# Which 2 in 1 sharpener for 3/8” pitch chain and 7/32” file?



## albertj03 (Jul 18, 2019)

I ordered the Stihl 3/8” 2 in 1 chainsaw sharpener for my Husqvarna saw but it came with a 13/64 file. Unfortunately the files are not interchangeable so I returned it and bought the PFerd (they make the Stihl ones) 7/32” file 2 in 1 sharpener. Now this one says it’s for .404” chains on it. So if the 3/8 model comes with a 13/64 file and the 7/32 file model is for a .404” chain, which one is these damn things should I use on my 3/8 chains that call for a 7/32 file?? It doesn’t appear that anyone makes one of these with a 7/32 file for a 3/8 chain.
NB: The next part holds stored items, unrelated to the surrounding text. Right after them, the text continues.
(* Let $(\mathfrak{g},[\cdot,\cdot]_{\mathfrak{g}})$ be a Leibniz algebra over a field $\mathbf{K}$, $(V;\rho^L,\rho^R)$ a representation, and $T:V\to\mathfrak{g}$ a relative Rota-Baxter operator. If $\mathcal{Z}^1(V,\mathfrak{g})=\partial_T(\mathrm{Nij}(T))$, then $T$ is rigid.
   Context: A Leibniz algebra is a vector space $\mathfrak{g}$ with bilinear $[\cdot,\cdot]_{\mathfrak{g}}$ satisfying $[x,[y,z]_{\mathfrak{g}}]_{\mathfrak{g}}=[[x,y]_{\mathfrak{g}},z]_{\mathfrak{g}}+[y,[x,z]_{\mathfrak{g}}]_{\mathfrak{g}}$. A representation $(V;\rho^L,\rho^R)$: linear $\rho^L,\rho^R:\mathfrak{g}\to\mathfrak{gl}(V)$ with $\rho^L([x,y]_{\mathfrak{g}})=[\rho^L(x),\rho^L(y)]$, $\rho^R([x,y]_{\mathfrak{g}})=[\rho^L(x),\rho^R(y)]$, $\rho^R(y)\rho^L(x)=-\rho^R(y)\rho^R(x)$. $L_xy=[x,y]_{\mathfrak{g}}$. A relative Rota-Baxter operator is a linear $T:V\to\mathfrak{g}$ with $[Tv_1,Tv_2]_{\mathfrak{g}}=T(\rho^L(Tv_1)v_2+\rho^R(Tv_2)v_1)$. $C^1(V,\mathfrak{g})=\mathrm{Hom}(V,\mathfrak{g})$; $\partial_T:\mathfrak{g}\to C^1$ is $(\partial_Tx)(v)=T\rho^L(x)v-[x,Tv]_{\mathfrak{g}}$, and $\partial_T:C^1\to\mathrm{Hom}(V\otimes V,\mathfrak{g})$ is $(\partial_Tf)(u,v)=[Tu,f(v)]_{\mathfrak{g}}+[f(u),Tv]_{\mathfrak{g}}-T(\rho^L(f(u))v+\rho^R(f(v))u)-f(\rho^L(Tu)v+\rho^R(Tv)u)$; $\mathcal{Z}^1(V,\mathfrak{g})$ is the kernel of the latter. An element $x\in\mathfrak{g}$ is a Nijenhuis element associated to $T$ if for all $y,z\in\mathfrak{g}$, $u\in V$: $[[x,y]_{\mathfrak{g}},[x,z]_{\mathfrak{g}}]_{\mathfrak{g}}=0$, $\rho^L([x,y]_{\mathfrak{g}})\rho^L(x)=0$, $\rho^R([x,y]_{\mathfrak{g}})\rho^L(x)=0$, $[x,T\rho^L(x)u-[x,Tu]_{\mathfrak{g}}]_{\mathfrak{g}}=0$; $\mathrm{Nij}(T)$ is the set of these. Formal deformations: the bracket and $\rho^L,\rho^R$ extend $\mathbf{K}[[t]]$-bilinearly to $\mathfrak{g}[[t]]$, $V[[t]]$. A formal deformation of $T$ is $T_t=\sum_{i\ge0}\mathfrak{T}_it^i$, $\mathfrak{T}_i\in\mathrm{Hom}(V,\mathfrak{g})$, $\mathfrak{T}_0=T$, extended $\mathbf{K}[[t]]$-linearly, with $[T_t(u),T_t(v)]_{\mathfrak{g}}=T_t(\rho^L(T_t(u))v+\rho^R(T_t(v))u)$ for $u,v\in V$. Two formal deformations $\bar T_t,T_t$ of $T$ are equivalent if there exist $x\in\mathfrak{g}$, $\phi_i\in\mathfrak{gl}(\mathfrak{g})$, $\varphi_i\in\mathfrak{gl}(V)$ ($i\ge2$) such that $\phi_t=\mathrm{Id}_{\mathfrak{g}}+tL_x+\sum_{i\ge2}\phi_it^i$, $\varphi_t=\mathrm{Id}_V+t\rho^L(x)+\sum_{i\ge2}\varphi_it^i$ satisfy $[\phi_t(y),\phi_t(z)]_{\mathfrak{g}}=\phi_t[y,z]_{\mathfrak{g}}$, $\varphi_t\rho^L(y)u=\rho^L(\phi_t(y))\varphi_t(u)$, $\varphi_t\rho^R(y)u=\rho^R(\phi_t(y))\varphi_t(u)$, and $T_t\circ\varphi_t=\phi_t\circ\bar T_t$. A formal deformation $T_t$ is trivial if it is equivalent to $T$ (the constant deformation, taken as $\bar T_t=T$). $T$ is rigid if every formal deformation of $T$ is trivial. *)

From HB Require Import structures.
From mathcomp Require Import all_boot all_algebra.
Set Implicit Arguments. Unset Strict Implicit. Unset Printing Implicit Defensive.
Import GRing.Theory.
Local Open Scope ring_scope.
Definition rkhs_norm {X : Type} (K : X -> X -> R) (x : nat -> X) (m : nat)
  (a : nat -> R) : R :=
  sqrt (sum_lt m (fun i => sum_lt m (fun j => a i * a j * K (x i) (x j)))).

(* Coefficients of the gradient-descent iterates:
   gd_coef t = coefficients of f_{t+1} in the span of K_{x_0},...,K_{x_{m-1}}.
   f_1 = 0, f_{t+1} = f_t - eta_t (1/m) sum_j V'(y_j, f_t(x_j)) K_{x_j}. *)
Fixpoint gd_coef {X : Type} (K : X -> X -> R) (V' : R -> R -> R)
  (x : nat -> X) (y : nat -> R) (m : nat) (eta : nat -> R) (t : nat)
  : nat -> R :=
  match t with
  | O => fun _ => 0
  | S n =>
      let a := gd_coef K V' x y m eta n in
      fun j => a j - eta (S n) / INR m * V' (y j) (kerEval K x m a (x j))
  end.

From Stdlib Require Import Reals Lra Lia Psatz.
Open Scope R_scope.

(* With c = eta_t / m, w_j = V'(y_j, f_t(x_j)) and g = sum_j w_j K_{x_j},
   ||f_{t+1}||^2 = ||f_t||^2 - 2c sum_j w_j f_t(x_j) + c^2 ||g||^2.  The tangent
   line of the convex V(y_j, .) at f_t(x_j), evaluated at 0, gives
   V(y_j, f_t(x_j)) - w_j f_t(x_j) <= |V|_0.  The descent lemma for the
   L-Lipschitz derivative, with |g(x_j)| <= kappa ||g|| and eta_t <= 1/(L kappa^2),
   shows that a gradient step lowers the nonnegative sum of losses by at least
   (c/2) ||g||^2, so c ||g||^2 is at most twice that sum.  Hence
   ||f_{t+1}||^2 <= ||f_t||^2 + 2 eta_t |V|_0, which telescopes; for
   eta_t = eta_1 t^(-theta) one compares sum k^(-theta) with the integral of
   z^(-theta). *)

Lemma sum_lt_ext n f g :
  (forall i, (i < n)%nat -> f i = g i) -> sum_lt n f = sum_lt n g.
Proof.
  induction n as [|n IH]; intros Hfg; simpl; [reflexivity|].
  rewrite IH, Hfg; [reflexivity | lia | intros; apply Hfg; lia].
Qed.

Lemma sum_lt_le n f g :
  (forall i, (i < n)%nat -> f i <= g i) -> sum_lt n f <= sum_lt n g.
Proof.
  induction n as [|n IH]; intros Hfg; simpl; [lra|].
  apply Rplus_le_compat; [apply IH; intros; apply Hfg; lia | apply Hfg; lia].
Qed.

Lemma sum_lt_plus n f g :
  sum_lt n (fun i => f i + g i) = sum_lt n f + sum_lt n g.
Proof. induction n as [|n IH]; simpl; [ring|]. rewrite IH; ring. Qed.

Lemma sum_lt_scal n c f : sum_lt n (fun i => c * f i) = c * sum_lt n f.
Proof. induction n as [|n IH]; simpl; [ring|]. rewrite IH; ring. Qed.

Lemma sum_lt_const n c : sum_lt n (fun _ => c) = INR n * c.
Proof. induction n as [|n IH]; simpl sum_lt; [simpl; ring|]. rewrite IH, S_INR; ring. Qed.

Lemma sum_lt_sub_scal n c f g :
  sum_lt n (fun i => f i - c * g i) = sum_lt n f - c * sum_lt n g.
Proof. induction n as [|n IH]; simpl; [ring|]. rewrite IH; ring. Qed.
(* Let $G$ be a connected graph on $p\ge 6$ vertices that contains no copy of $T_6^1$. Then $e(G)\le 2p-3$.
   Context: All graphs are finite and simple; a graph ''contains'' $H$ if it has a subgraph isomorphic to $H$; $e(G)$ is the number of edges of $G$. $T_6^1$ is the tree on vertex set $\{v_0,\ldots,v_5\}$ with edges $v_0v_1,v_0v_2,v_0v_3,v_2v_4,v_3v_5$. *)

From mathcomp Require Import all_boot.
Set Implicit Arguments. Unset Strict Implicit. Unset Printing Implicit Defensive.

Definition simple_graph (V : finType) (adj : rel V) : Prop :=
  symmetric adj /\ irreflexive adj.

Definition edge_set (V : finType) (adj : rel V) : {set {set V}} :=
  [set E : {set V} | [exists x, exists y, adj x y && (E == [set x; y])]].

Definition num_edges (V : finType) (adj : rel V) : nat := #|edge_set adj|.

Definition connected_graph (V : finType) (adj : rel V) : Prop :=
  forall x y : V, connect adj x y.

Definition T61_edges : seq (nat * nat) :=
  [:: (0, 1); (0, 2); (0, 3); (2, 4); (3, 5)].

Definition contains_T61 (V : finType) (adj : rel V) : Prop :=
  exists f : 'I_6 -> V, injective f /\
    forall i j : 'I_6, (nat_of_ord i, nat_of_ord j) \in T61_edges -> adj (f i) (f j).
(* Let $X$ be a separable Banach space, $X\ne\{0\}$, and let $E_X$, $(e^X_n)$, $Q_X$ be as in the context. Let $(v_k)$ be a bounded block sequence of $(e^X_n)$. If $(Q_X(v_k))$ is weakly null in $X$, then $(v_k)$ is weakly null in $E_X$.
   Context: Given a separable Banach space $X\neq\{0\}$ and a sequence $(x_n)$ (repetitions allowed) in the unit sphere of $X$ which is norm dense in the unit sphere, $E_X$ is the completion of $c_{00}(\mathbb{N})$ under the norm $\|z\|_{E_X}=\sup_{m\in\mathbb{N}}\|\sum_{n=0}^m z(n)x_n\|_X$; $(e^X_n)$ is the standard unit vector basis of $c_{00}(\mathbb{N})$ viewed in $E_X$ (a normalized monotone Schauder basis of $E_X$); $Q_X:E_X\to X$ is the unique bounded linear operator with $Q_X(e^X_n)=x_n$. *)

From Stdlib Require Import Reals Lra Lia.
Open Scope R_scope.

Record NormedSpace := {
  carrier :> Type;
  vzero : carrier;
  vadd : carrier -> carrier -> carrier;
  vopp : carrier -> carrier;
  vscal : R -> carrier -> carrier;
  vnorm : carrier -> R;
  vadd_assoc : forall x y z, vadd x (vadd y z) = vadd (vadd x y) z;
  vadd_comm : forall x y, vadd x y = vadd y x;
  vadd_zero : forall x, vadd x vzero = x;
  vadd_opp : forall x, vadd x (vopp x) = vzero;
  vscal_one : forall x, vscal 1 x = x;
  vscal_assoc : forall a b x, vscal a (vscal b x) = vscal (a * b) x;
  vscal_distr_l : forall a x y, vscal a (vadd x y) = vadd (vscal a x) (vscal a y);
  vscal_distr_r : forall a b x, vscal (a + b) x = vadd (vscal a x) (vscal b x);
  vnorm_nonneg : forall x, 0 <= vnorm x;
  vnorm_eq0 : forall x, vnorm x = 0 -> x = vzero;
  vnorm_scal : forall a x, vnorm (vscal a x) = Rabs a * vnorm x;
  vnorm_triangle : forall x y, vnorm (vadd x y) <= vnorm x + vnorm y
}.

Arguments vzero {_}.
Arguments vadd {_}.
Arguments vopp {_}.
Arguments vscal {_}.
Arguments vnorm {_}.

Definition vsub {X : NormedSpace} (x y : X) : X := vadd x (vopp y).

Definition complete (X : NormedSpace) : Prop :=
  forall s : nat -> X,
    (forall eps, 0 < eps -> exists N, forall m n, (N <= m)%nat -> (N <= n)%nat ->
        vnorm (vsub (s m) (s n)) < eps) ->
    exists l : X, forall eps, 0 < eps -> exists N, forall n, (N <= n)%nat ->
        vnorm (vsub (s n) l) < eps.

Definition Banach (X : NormedSpace) : Prop := complete X.

Definition separable (X : NormedSpace) : Prop :=
  exists d : nat -> X, forall y : X, forall eps, 0 < eps ->
    exists n, vnorm (vsub (d n) y) < eps.

Definition linear_map {X Y : NormedSpace} (T : X -> Y) : Prop :=
  (forall x y, T (vadd x y) = vadd (T x) (T y)) /\
  (forall a x, T (vscal a x) = vscal a (T x)).

Definition bounded_linear_map {X Y : NormedSpace} (T : X -> Y) : Prop :=
  linear_map T /\ exists C, forall x, vnorm (T x) <= C * vnorm x.

Definition bounded_linear_functional {X : NormedSpace} (f : X -> R) : Prop :=
  (forall x y, f (vadd x y) = f x + f y) /\
  (forall a x, f (vscal a x) = a * f x) /\
  (exists C, forall x, Rabs (f x) <= C * vnorm x).

Definition weakly_null {X : NormedSpace} (s : nat -> X) : Prop :=
  forall f : X -> R, bounded_linear_functional f -> Un_cv (fun k => f (s k)) 0.

Fixpoint vpsum {X : NormedSpace} (g : nat -> X) (m : nat) : X :=
  match m with
  | O => g O
  | S m' => vadd (vpsum g m') (g m)
  end.

Fixpoint Rmax_upto (g : nat -> R) (m : nat) : R :=
  match m with
  | O => g O
  | S m' => Rmax (Rmax_upto g m') (g (S m'))
  end.

Definition dense_in_sphere {X : NormedSpace} (x : nat -> X) : Prop :=
  (forall n, vnorm (x n) = 1) /\
  (forall y : X, vnorm y = 1 -> forall eps, 0 < eps ->
     exists n, vnorm (vsub (x n) y) < eps).

(** (E, u) is (a model of) the completion E_X of c00 under
    ||z||_{E_X} = sup_m || sum_{n<=m} z(n) x_n ||_X, with u n = e^X_n:
    E is Banach; on finitely supported vectors (support in [0,m]) the norm of
    sum_{n<=m} a(n) u_n is the E_X-norm (for such z the sup over all m' equals
    the max over m' <= m); and span{u_n} (the image of c00) is dense in E. *)
Definition is_EX (X : NormedSpace) (x : nat -> X) (E : NormedSpace) (u : nat -> E) : Prop :=
  Banach E /\
  (forall (a : nat -> R) (m : nat),
     vnorm (vpsum (fun n => vscal (a n) (u n)) m) =
     Rmax_upto (fun m' => vnorm (vpsum (fun n => vscal (a n) (x n)) m')) m) /\
  (forall y : E, forall eps, 0 < eps ->
     exists (a : nat -> R) (m : nat),
       vnorm (vsub y (vpsum (fun n => vscal (a n) (u n)) m)) < eps).

Definition block_sequence {E : NormedSpace} (u : nat -> E) (v : nat -> E) : Prop :=
  exists (p q : nat -> nat) (a : nat -> R),
    (forall k, (p k <= q k)%nat /\ (q k < p (S k))%nat) /\
    (forall k, v k = vpsum (fun n => if andb (Nat.leb (p k) n) (Nat.leb n (q k))
                                    then vscal (a n) (u n) else vzero) (q k)) /\
    (forall k, v k <> vzero).

Definition bounded_seq {E : NormedSpace} (v : nat -> E) : Prop :=
  exists M, forall k, vnorm (v k) <= M.

From Stdlib Require Import Reals Lra Lia Classical ClassicalEpsilon.
Open Scope R_scope.

(* Fix a functional f on E_X.  First, f is uniformly small on vectors supported far out whose image
   under Q is small: otherwise one could stack J sign-corrected bad blocks one after the other;
   since the E_X-norm only sees partial sums, the stack has norm at most B + J d while f takes
   a value at least J eta on it, contradicting boundedness of f for J large.
   Consequently, for y in X and vectors w_j = c_j e_{n_j} with n_j >= j and c_j x_{n_j} -> y
   (such n_j exist because a dense subset of the sphere, up to sign, meets every neighbourhood
   infinitely often), the limit g(y) of f(w_j) exists and does not depend on the choice of w_j;
   g is a bounded functional on X.  For a bounded block sequence v_k, the vector
   v_k - w_j is again supported far out with small Q-image, so f(v_k) - g(Q v_k) -> 0,
   and g(Q v_k) -> 0 by assumption. *)

Lemma Rabs_m1 : Rabs (-1) = 1.
Proof. rewrite Rabs_left; lra. Qed.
Very maddening!

Thank you for the help!


----------



## CincyBurner (Jul 18, 2019)

The Pferd website https://www.pferdusa.com/products/201b/201b01/201b010503P.html is showing both file sizes for 3/8" chain -13/64" (for Stihl) and 7/32" for other brands.  It seems that Stihl manufactures their 3/8" pitch chain with just a scootch narrower (1/64") cutter than other brands of large saw 3/8" chain and .404, which both use the 7/32" file.

The website for Timberline Sharpener https://www.timberlinesharpener.com/sizing describes large files:

3/8″ and .404″ pitch chain*                                              =  Large  7/32″  *

3/8″ pitch chain                    *                                        =  Large  7/32″  *

“Stihl” brand 3/8″ pitch chain                                      *=  Large* *13/64″*
with a note about large 3/8" pitch:
*A Note About the Large 3/8 pitch*

This is where people usually get confused. If you have the large 3/8” pitch chain you will need the 7/32” carbide cutter. *UNLESS* the brand of that large 3/8” pitch chain is *Stihl*. For whatever reason Stihl makes their large 3/8” pitch chains slightly smaller than the rest of the industry (we are talking slight, as in 1/64”). This is why the manufacture recommends the 13/64” size file.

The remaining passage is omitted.